O prefácio coube desta vez a José Tolentino Mendonça, assinando um texto que aparece “em vez de um retrato” do poeta, e que logo no arranque nos diz que “na primeira edição canónica da sua obra, que Eugénio de Andrade quis muito ser ele a realizar, com aquele vigilante e obstinado rigor que a poesia sempre lhe exigira, o poeta não buscou o prefácio de ninguém”. Nada como a morte para nos deixar sobre a sacramental sombra de um padre. Felizmente, o prefácio é bastante anódino. Não é, de resto, entre o aparato crítico mais recentemente acoplado a esta obra que vamos buscar as suas mais penetrantes leituras. “Quase sem metáforas, a poesia de Eugénio de Andrade é uma só metáfora. Quase sem símbolos, um único símbolo. Quase sem duração, uma só duração”, escreveu Mário Sacramento. “A redução da ode ao nó-de-luz. Da poesia ao que mal chega a acontecer. Da palavra à chave mítica do real. Do gesto à gesta do fruste e quotidiano.” E continua: “branda e esparsa música de vogais em que a ‘sílaba é espessa’: ‘Que branca mão devagar/ quebra os ramos do silêncio?’ Um sussurro breve e vibrante, que prolonga o poema para além de si. Em que o não dito fala ou canta. Em que o ‘silêncio desaba’. E tudo é melodia…”

Alguns dos mais destacados ensaístas portugueses – Óscar Lopes, Eduardo Lourenço, Joaquim Manuel Magalhães, Ramos Rosa e Prado Coelho – e estrangeiros também, encontraram nesta obra essa margem tão cativante que lhes permitiu talhar os seus instrumentos para captar as notas mais subtis desta melodia.

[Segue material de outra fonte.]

Lemma khal_open_of_upward (U : pset Z) :
  (forall y z, U y -> khal_nbhd y z -> U z) -> @isopen Khalimsky U.
Proof.
move=> up y Uy; have [[m ym]|[m ym]] := Z.Even_or_Odd y.
- exists (fun x => 2 * m - 1 <= x <= 2 * m + 1); split; first by left; exists m.
  split; first lia.
  by move=> z zm; apply: (up y) => //; left; exists m; lia.
- exists (fun x => x = 2 * m + 1); split; first by right; exists m.
  by split=> [|z ->]; rewrite -?ym.
Qed.

Definition convex (X : pset Z) : Prop :=
  forall p q r, X p -> X q -> p <= r <= q -> X r.

Lemma khal_interval_convex {X} : khal_interval X -> convex X.
Proof.
case=> [X0|[XT|[[a [b [_ Xab]]]|[[a Xa]|[a Xa]]]]] p q r Xp Xq pr.
- by case: (X0 p).
- exact: XT.
- by apply/Xab; move/Xab: Xp; move/Xab: Xq; lia.
- by apply/Xa; move/Xa: Xp; move/Xa: Xq; lia.
- by apply/Xa; move/Xa: Xp; move/Xa: Xq; lia.
Qed.

Lemma sig_Z_inj (X : pset Z) (p q : {x : Z | X x}) : proj1_sig p = proj1_sig q -> p = q.
Proof.
case: p q => [p Xp] [q Xq] /= pq; subst q; congr exist; exact: proof_irrelevance.
Qed.

Lemma convex_khal_invariant_const {X : pset Z} {T : Type} {g : {x : Z | X x} -> T} :
  convex X ->
  (forall x x' : {x : Z | X x}, khal_nbhd (proj1_sig x) (proj1_sig x') -> g x' = g x) ->
  forall x y, g x = g y.
Proof.
move=> cX inv.
have step x y : proj1_sig y = proj1_sig x + 1 -> g y = g x.
  by move=> yx; case: (khal_nbhd_succ (proj1_sig x)) => s; [|symmetry]; apply: inv; rewrite yx.
have up (k : nat) x y : proj1_sig y = proj1_sig x + Z.of_nat k -> g y = g x.
  elim: k y => [|k IH] y yx; first by congr g; apply: sig_Z_inj; lia.
  case: x y yx {IH}(IH) => [x Xx] [y Xy] /= yx IH.
  have Xz : X (x + Z.of_nat k) by apply: (cX x y) => //; lia.
  rewrite (step (exist X _ Xz)) /= ?(IH (exist X _ Xz)) //; lia.
move=> x y; have [xy|yx] := Z_le_gt_dec (proj1_sig x) (proj1_sig y).
- by symmetry; apply: (up (Z.to_nat (proj1_sig y - proj1_sig x))); lia.
- by apply: (up (Z.to_nat (proj1_sig x - proj1_sig y))); lia.
Qed.

Section ProductSpace.

Context {n : nat}.

Definition Kn_nbhd (y z : 'I_n -> Z) : Prop := forall i, khal_nbhd (y i) (z i).

Lemma Kn_open_upward (U : pset (Kn n)) (y z : Kn n) :
  isopen U -> U y -> Kn_nbhd y z -> U z.
Proof.
move=> oU Uy yz; have [_ [[V [oV ->]] [Vy sub]]] := oU y Uy.
by apply: sub => i; apply: khal_open_upward (oV i) (Vy i) (yz i).
Qed.
(* There exist a sequence $(w_n)_{n\ge1}$ of words over $\{0,1\}$ and a sequence $(\ell_n)_{n\ge1}$ of positive integers such that for every $n$: $|w_n|=2^n$, $\mathrm{even}(w_{n+1})=w_n$, $w_n$ is $\ell_n$-perfect, and $(\ell_n)_{n\ge1}$ is non-decreasing and unbounded. Furthermore, this can be achieved with $w_1=01$.
   Context: For a finite word $z=a_1\cdots a_m$, $\mathrm{even}(z)=a_2a_4\cdots$. For words $w,u$, $|w|^{al}_u=|\{i: w[i..i+|u|-1]=u,\ i\equiv1\bmod|u|\}|$. A finite binary word $w$ is $\ell$-perfect if $|w|$ is a multiple of $\ell$ and every word $u$ of length $\ell$ satisfies $|w|^{al}_u=|w|/(\ell2^\ell)$. *)

From mathcomp Require Import all_boot.
Set Implicit Arguments. Unset Strict Implicit. Unset Printing Implicit Defensive.

(* Binary words are [seq bool]; letter 0 = false, 1 = true.
   Positions are 0-indexed here: the paper's 1-indexed position i is index i-1. *)

(* even(a_1 ... a_m) = a_2 a_4 ... : letters at 0-indexed odd positions. *)
Definition even_word (z : seq bool) : seq bool :=
  [seq nth false z i | i <- iota 0 (size z) & odd i].

(* |w|^al_u : number of (0-indexed) positions i with i = 0 mod |u|
   (paper: 1-indexed i = 1 mod |u|) such that w[i..i+|u|-1] = u. *)
Definition aligned_count (w u : seq bool) : nat :=
  count (fun i => (i %% size u == 0) && (take (size u) (drop i w) == u))
        (iota 0 (size w)).

(* w is l-perfect: l divides |w| and every word u of length l satisfies
   |w|^al_u = |w| / (l 2^l)  (stated without division, as an exact equality). *)
Definition perfect (l : nat) (w : seq bool) : Prop :=
  l %| size w /\
  forall u : seq bool, size u = l -> aligned_count w u * (l * 2 ^ l) = size w.

From mathcomp Require Import all_boot.
Set Implicit Arguments. Unset Strict Implicit. Unset Printing Implicit Defensive.

(* Take ell_n = 2^k_n with k_n the largest k such that k + 2^k <= n.  If y is
   L-perfect, w := interleave x y has even(w) = y, and its aligned 2L-blocks are
   the interleavings of the aligned L-blocks of x and y.  Choose the j-th L-block
   of x to be the (r mod 2^L)-th word of length L, where r counts the earlier
   L-blocks of y equal to the j-th one.  Each word b of length L occurs
   c = |y|/(L 2^L) times as a block of y; when 2^L divides c, each label is
   attached to exactly c/2^L of these occurrences, so every word of length 2L
   occurs |w|/(2L 2^(2L)) times and w is 2L-perfect.  For |y| = 2^n and
   L = 2^(k-1) this divisibility is k + 2^k <= n + 1.  When k_(n+1) = k_n we
   first use that a 2L-perfect word is also L-perfect. *)

Lemma sum_nat_count (T : Type) (a : pred T) s : \sum_(x <- s) a x = count a s.
Proof. by rewrite -sum1_count [RHS]big_mkcond. Qed.

Lemma count_occurrence_ranks (T : eqType) (x0 b : T) (s : seq T) (P : pred nat) :
  count (fun j => (nth x0 s j == b) && P (count_mem b (take j s))) (iota 0 (size s))
  = count P (iota 0 (count_mem b s)).
Proof.
elim/last_ind: s => [|s x IHs] //.
rewrite size_rcons -addn1 iotaD count_cat /= addn0 add0n.
rewrite (eq_in_count (a2 := fun j => (nth x0 s j == b) && P (count_mem b (take j s)))).
  rewrite IHs nth_rcons ltnn eqxx -cats1 take_size_cat // count_cat /= addn0.
  case: (x == b); rewrite ?addn0 //.
  by rewrite iotaD count_cat /= addn0.
move=> j; rewrite mem_iota => /andP [_ ltjs].
by rewrite /= nth_rcons ltjs -cats1 takel_cat // ltnW.
Qed.

Lemma count_iota_mod M q r : r < M ->
  count (fun t => t %% M == r) (iota 0 (q * M)) = q.
Proof.
move=> ltrM; elim: q => [|q IHq]; first by rewrite mul0n.
rewrite mulSnr iotaD count_cat IHq add0n -[q * M]addn0 iotaDl count_map.
under eq_count => t do rewrite /= modnMDl.
rewrite (eq_in_count (a2 := pred1 r)); last first.
  by move=> t; rewrite mem_iota /= => ltt; rewrite modn_small.
by rewrite count_uniq_mem ?iota_uniq // mem_iota ltrM addn1.
Qed.

Definition words L : seq (seq bool) := map val (enum {: L.-tuple bool}).

Lemma size_words L : size (words L) = 2 ^ L.
Proof. by rewrite size_map -cardE card_tuple card_bool. Qed.

Lemma mem_words L v : (v \in words L) = (size v == L).
Proof.
apply/mapP/eqP => [[t _ ->]|<-]; first exact: size_tuple.
by exists (in_tuple v); rewrite ?mem_enum.
Qed.

Lemma uniq_words L : uniq (words L).
Proof. by rewrite map_inj_uniq ?enum_uniq //; apply: val_inj. Qed.

Lemma sum_words_eq L (b : bool) (v0 : seq bool) : size v0 = L ->
  \sum_(v <- words L) (b && (v0 == v)) = b.
Proof.
move=> szv0; case: b; last by rewrite big1.
rewrite sum_nat_count (eq_count (a2 := pred1 v0)); last by move=> v; rewrite /= eq_sym.
by rewrite count_uniq_mem ?uniq_words // mem_words szv0 eqxx.
Qed.
Definition ball_orbits (n : nat) : set (set G) :=
  [set O | exists x, in_ball S n x /\ O = aut_orbit x].

Lemma ball_orbits_sub : exists K0 Kc : nat, forall n O, ball_orbits n O ->
  O \in [seq aut_orbit (r * phi p) | r <- R, p <- box (K0 + n * Kc)].
Proof.
have [K0 [Kc cover]] := ball_coset_coords.
exists K0, Kc => n _ [x [x_ball ->]].
have [r [p [r_in p_le ->]]] := cover n x x_ball.
by apply: allpairs_f_In => //; apply: mem_box.
Qed.

Lemma ball_orbits_finite n : finite_set (ball_orbits n).
Proof. by have [K0 [Kc sub]] := ball_orbits_sub; apply: finite_set_sub_seq (sub n). Qed.

Lemma aut_growth_upper : exists2 lam, (0 < lam)%N &
  forall n, (aut_growth S n <= lam * (lam * n + lam) ^ 2 + lam)%N.
Proof.
have [K0 [Kc sub]] := ball_orbits_sub.
set D := (2 * K0 + 2 * Kc + 1)%N.
exists (size R * (D * D) + 1)%N; rewrite ?addn1 // => n.
set lam := (size R * (D * D)).+1.
apply: leq_trans (card_fset_set_le (sub n)) _.
rewrite size_allpairs size_box; apply: leq_trans (leq_addr _ _).
have box_le : (2 * (K0 + n * Kc) + 1 <= D * n.+1)%N by rewrite /D; nia.
have n_le : (n.+1 <= lam * n + lam)%N by nia.
apply: (@leq_trans (size R * (D * D) * (n.+1 * n.+1))).
  by rewrite -mulnA leq_mul2l mulnACA leq_mul ?orbT.
by rewrite expnS expn1 leq_mul // leq_mul.
Qed.

Lemma phi_quadrant_in_ball N l1 l2 n v :
  in_ball S l1 (phi (1, 0)) -> in_ball S l2 (phi (0, 1)) -> v \in quadrant n ->
  in_ball S (N * n * (l1 + l2)) (phi (vscale N%:Z v)).
Proof.
move=> ball1 ball2 /mem_quadrant [i [j [i_le j_le ->]]].
have -> : phi (vscale N%:Z (i%:Z, j%:Z)) = gexp (phi (1, 0)) (N * i) * gexp (phi (0, 1)) (N * j).
  by rewrite -!phiXn -phiM /vscale /zadd2 /=; congr (phi (_, _)); rewrite !PoszM; ring.
apply: in_ballS (in_ballM (in_ballX (N * i) ball1) (in_ballX (N * j) ball2)).
by rewrite mulnDr leq_add // leq_mul2r leq_mul2l ?i_le ?j_le !orbT.
Qed.

Lemma aut_growth_lower g : generates S -> conjmx g <> mx1 -> conjmx g <> mxscale (-1) ->
  exists2 lam, (0 < lam)%N & forall n, (n ^ 2 <= lam * aut_growth S (lam * n + lam) + lam)%N.
Proof.
move=> S_gen g_neq1 g_neqN1.
have [N N_gt0 AxN] := uniform_exponent.
have [K aut_bound] := aut_mx_bounded N_gt0 AxN g_neq1 g_neqN1.
have [l1 ball1] := S_gen (phi (1, 0)); have [l2 ball2] := S_gen (phi (0, 1)).
set C := (size (box K) * size (box K))%N.
exists (C + N * (l1 + l2) + 1)%N; rewrite ?addn1 // => n.
set lam := (C + N * (l1 + l2)).+1.
pose F v := aut_orbit (phi (vscale N%:Z v)).
have fibers_le : (size (quadrant n) <= C * size (undup (map F (quadrant n))))%N.
  apply: size_le_fibers => O.
  have [/hasP [x0 _ /eqP <-]|] := boolP (has (fun v => F v == O) (quadrant n)).
    exact: orbit_fiber_bound N_gt0 AxN aut_bound (quadrant_uniq n).
  by rewrite has_count -leqNgt leqn0 => /eqP ->.
have orbits_le : (size (undup (map F (quadrant n))) <= aut_growth S (lam * n + lam))%N.
  apply: card_fset_set_ge; [exact: ball_orbits_finite | exact: undup_uniq |].
  move=> _ /[!mem_undup] /mapP [v v_in ->]; exists (phi (vscale N%:Z v)); split => //.
  by apply: in_ballS (phi_quadrant_in_ball N ball1 ball2 v_in); nia.
rewrite size_quadrant in fibers_le.
apply: leq_trans (leq_addr _ _); apply: leq_trans (leq_mul (leqnSn n) (leqnSn n)) _.
by apply: leq_trans fibers_le (leq_mul _ orbits_le); rewrite /lam; lia.
Qed.

End Growth.

Lemma virtually_Z2_quadratic_aut_growth g :
  (exists2 a, A a & g^-1 * a * g <> a) -> (exists2 a, A a & g^-1 * a * g <> a^-1) ->
  quadratic_aut_growth G.
Proof.
move=> [a /phi_onto [p <-] gp_neq] [b /phi_onto [q <-] gq_neq].
have g_neq1 : conjmx g <> mx1.
  move=> g1; apply: gp_neq; rewrite -phi_conjc -mxv_conjmx g1; congr phi.
  by case: p => x y; rewrite /mxv /=; congr (_, _); ring.
have g_neqN1 : conjmx g <> mxscale (-1).
  move=> gN1; apply: gq_neq; rewrite -phi_conjc -mxv_conjmx gN1 -phiN; congr phi.
  by case: q => x y; rewrite /mxv /=; congr (_, _); ring.
split; first by exists (R ++ [:: phi (1, 0); phi (0, 1)]); apply: generates_cosets_basis.
move=> S S_gen; split.
  by have [lam lam_gt0 upper] := aut_growth_upper S; exists lam.
by have [lam lam_gt0 lower] := aut_growth_lower S_gen g_neq1 g_neqN1; exists lam.
Qed.

End VirtuallyZ2.

Theorem mainTheorem10 (G : group) (A : set G) :
  is_normal A -> finite_index A -> iso_Z2 A ->
  (exists g : G,
     (exists2 a, A a & gmul (gmul (ginv g) a) g <> a) /\
     (exists2 a, A a & gmul (gmul (ginv g) a) g <> ginv a)) ->
  quadratic_aut_growth G.
Proof.
move=> A_normal [R R_cosets] [phi [phiM [phi_inj phi_onto]]] [g [g_not_id g_not_inv]].
exact: (virtually_Z2_quadratic_aut_growth A_normal phiM phi_inj phi_onto R_cosets
  g_not_id g_not_inv).
Qed.
(* Let $C$ be a circle in the plane, let $p,r$ be points on $C$, and let $q$ be a point in the open disk bounded by $C$. Suppose the ordered triple $(p,q,r)$ makes a clockwise (resp. counterclockwise) turn. Let $\gamma$ be a simple piecewise-linear path that starts at $p$, passes through $q$, ends at $r$, and meets $C$ only at $p$ and $r$. Then $\gamma$ has at least one clockwise (resp. counterclockwise) vertex, i.e. a vertex at which the path turns clockwise (resp. counterclockwise). *)

From Stdlib Require Import Reals Lra List.
Import ListNotations.
Open Scope R_scope.

Definition point : Type := (R * R)%type.
Definition px (a : point) : R := fst a.
Definition py (a : point) : R := snd a.

(* Twice the signed area of the triangle (a,b,c):
   > 0 counterclockwise turn, < 0 clockwise turn, = 0 collinear. *)
Definition orient (a b c : point) : R :=
  (px b - px a) * (py c - py a) - (py b - py a) * (px c - px a).

Definition cw_turn (a b c : point) : Prop := orient a b c < 0.
Definition ccw_turn (a b c : point) : Prop := orient a b c > 0.

Definition dist2 (a b : point) : R :=
  (px a - px b) ^ 2 + (py a - py b) ^ 2.

(* circle with center c and radius rho (rho > 0 assumed separately) *)
Definition on_circle (c : point) (rho : R) (x : point) : Prop :=
  dist2 x c = rho ^ 2.
Definition in_open_disk (c : point) (rho : R) (x : point) : Prop :=
  dist2 x c < rho ^ 2.

Definition on_segment (a b x : point) : Prop :=
  exists t : R, 0 <= t <= 1 /\
    x = (px a + t * (px b - px a), py a + t * (py b - py a)).
(* [nu \o complexify] attains a positive minimum on the compact unit sphere of R^(2p). *)
Lemma vnorm_realify_lower : (0 < p)%N ->
  exists2 m, 0 < m & forall x, m * `|realify x| <= nu x.
Proof.
move=> p_gt0; pose S := [set v : 'rV[R]_(p + p) | `|v| = 1].
have normalize (v : 'rV[R]_(p + p)) : v != 0 -> S (`|v|^-1 *: v).
  by move=> v0; rewrite /S /= normrZ normfV normr_id mulVf // normr_eq0.
have S0 : S !=set0.
  by eexists; exact/normalize/(delta_mx_neq0 _ 0 (lshift p (Ordinal p_gt0))).
have S_compact : compact S.
  apply: bounded_closed_compact.
    by exists 1; split => // M M1 v /= ->; exact: ltW.
  by apply: preimage_closed (@closed_eq _ 1) => v _; exact: norm_continuous.
have [v0 v0S v0_min] : exists2 v0, v0 \in S & forall v, v \in S ->
    nu (complexify v0) <= nu (complexify v).
  apply: EVT_min_rV S0 S_compact _.
  exact: continuous_subspaceT vnorm_complexify_continuous.
have v0_neq0 : v0 != 0.
  apply: contraTneq v0S => ->; apply/negP.
  by rewrite in_setE /S /= normr0 => /esym/eqP; rewrite oner_eq0.
exists (nu (complexify v0)).
  rewrite lt_def (vnorm_ge0 nu_norm) andbT; apply: contra v0_neq0.
  by move=> /eqP /(vnorm_eq0 nu_norm) /complexify_eq0 ->.
move=> x; have [->|xv0] := eqVneq (realify x) 0.
  by rewrite normr0 mulr0 (vnorm_ge0 nu_norm).
have := v0_min _ (mem_set (normalize _ xv0)).
rewrite /= complexifyZ realifyK vnormZR ?invr_ge0 // mulrC.
by rewrite ler_pdivlMr ?normr_gt0.
Qed.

O que há também de milagroso na obra de Eugénio de Andrade é o ter reunido à sua volta um consenso tão generalizado e que, assim mesmo, não lançou sobre ela qualquer suspeita, nem a secou ou banalizou. Há um par de versos de Herberto Helder – que numa carta a Eugénio lhe confessou a imensa estima que a sua poesia lhe merecia, afirmando que “não há nenhum poeta português que possa ombrear consigo neste meio século (Pessoa embaraça as contas quando se considera o século inteiro)” – que ilustram na perfeição o modo como esta poesia sempre se esquiva a um efeito de mortificação: “cada lenço que se ata a própria seda do lenço o desata,/ a luz que se desata”…

Foi repetido até à exaustão o quanto um obstinado rigor, uma busca incessante faz o sangue transformar-se em seiva e durar apaixonada e imortalmente no tronco altíssimo que Eugénio ergue, exigindo que na mais breve unidade “a imagem, a dicção e o ritmo se aliem” para causar no caos do mundo um desejo de sumptuosa ordem. Se esta poesia deve muito do seu fulgor à “fidelidade permanente ao espaço instantâneo em que o olhar recupera como que a visão original do mundo”, como Ramos Rosa referiu, essa ilusão é provocada pela forma como a sua sensualidade pagã converte, mesmo que de forma passageira,  os seres a quem a lucidez roubou a fé na graça da Criação. Sem nos pedir que abandonemos essa mesma lucidez, através da implacável severidade com que este poeta se coloca ao lado dos “torturados da forma”, a sua poesia é tão marcante porque restabelece o elo e a fluência entre a sacralidade dos elementos e a sua expressão mais elevada e, portanto, erótica.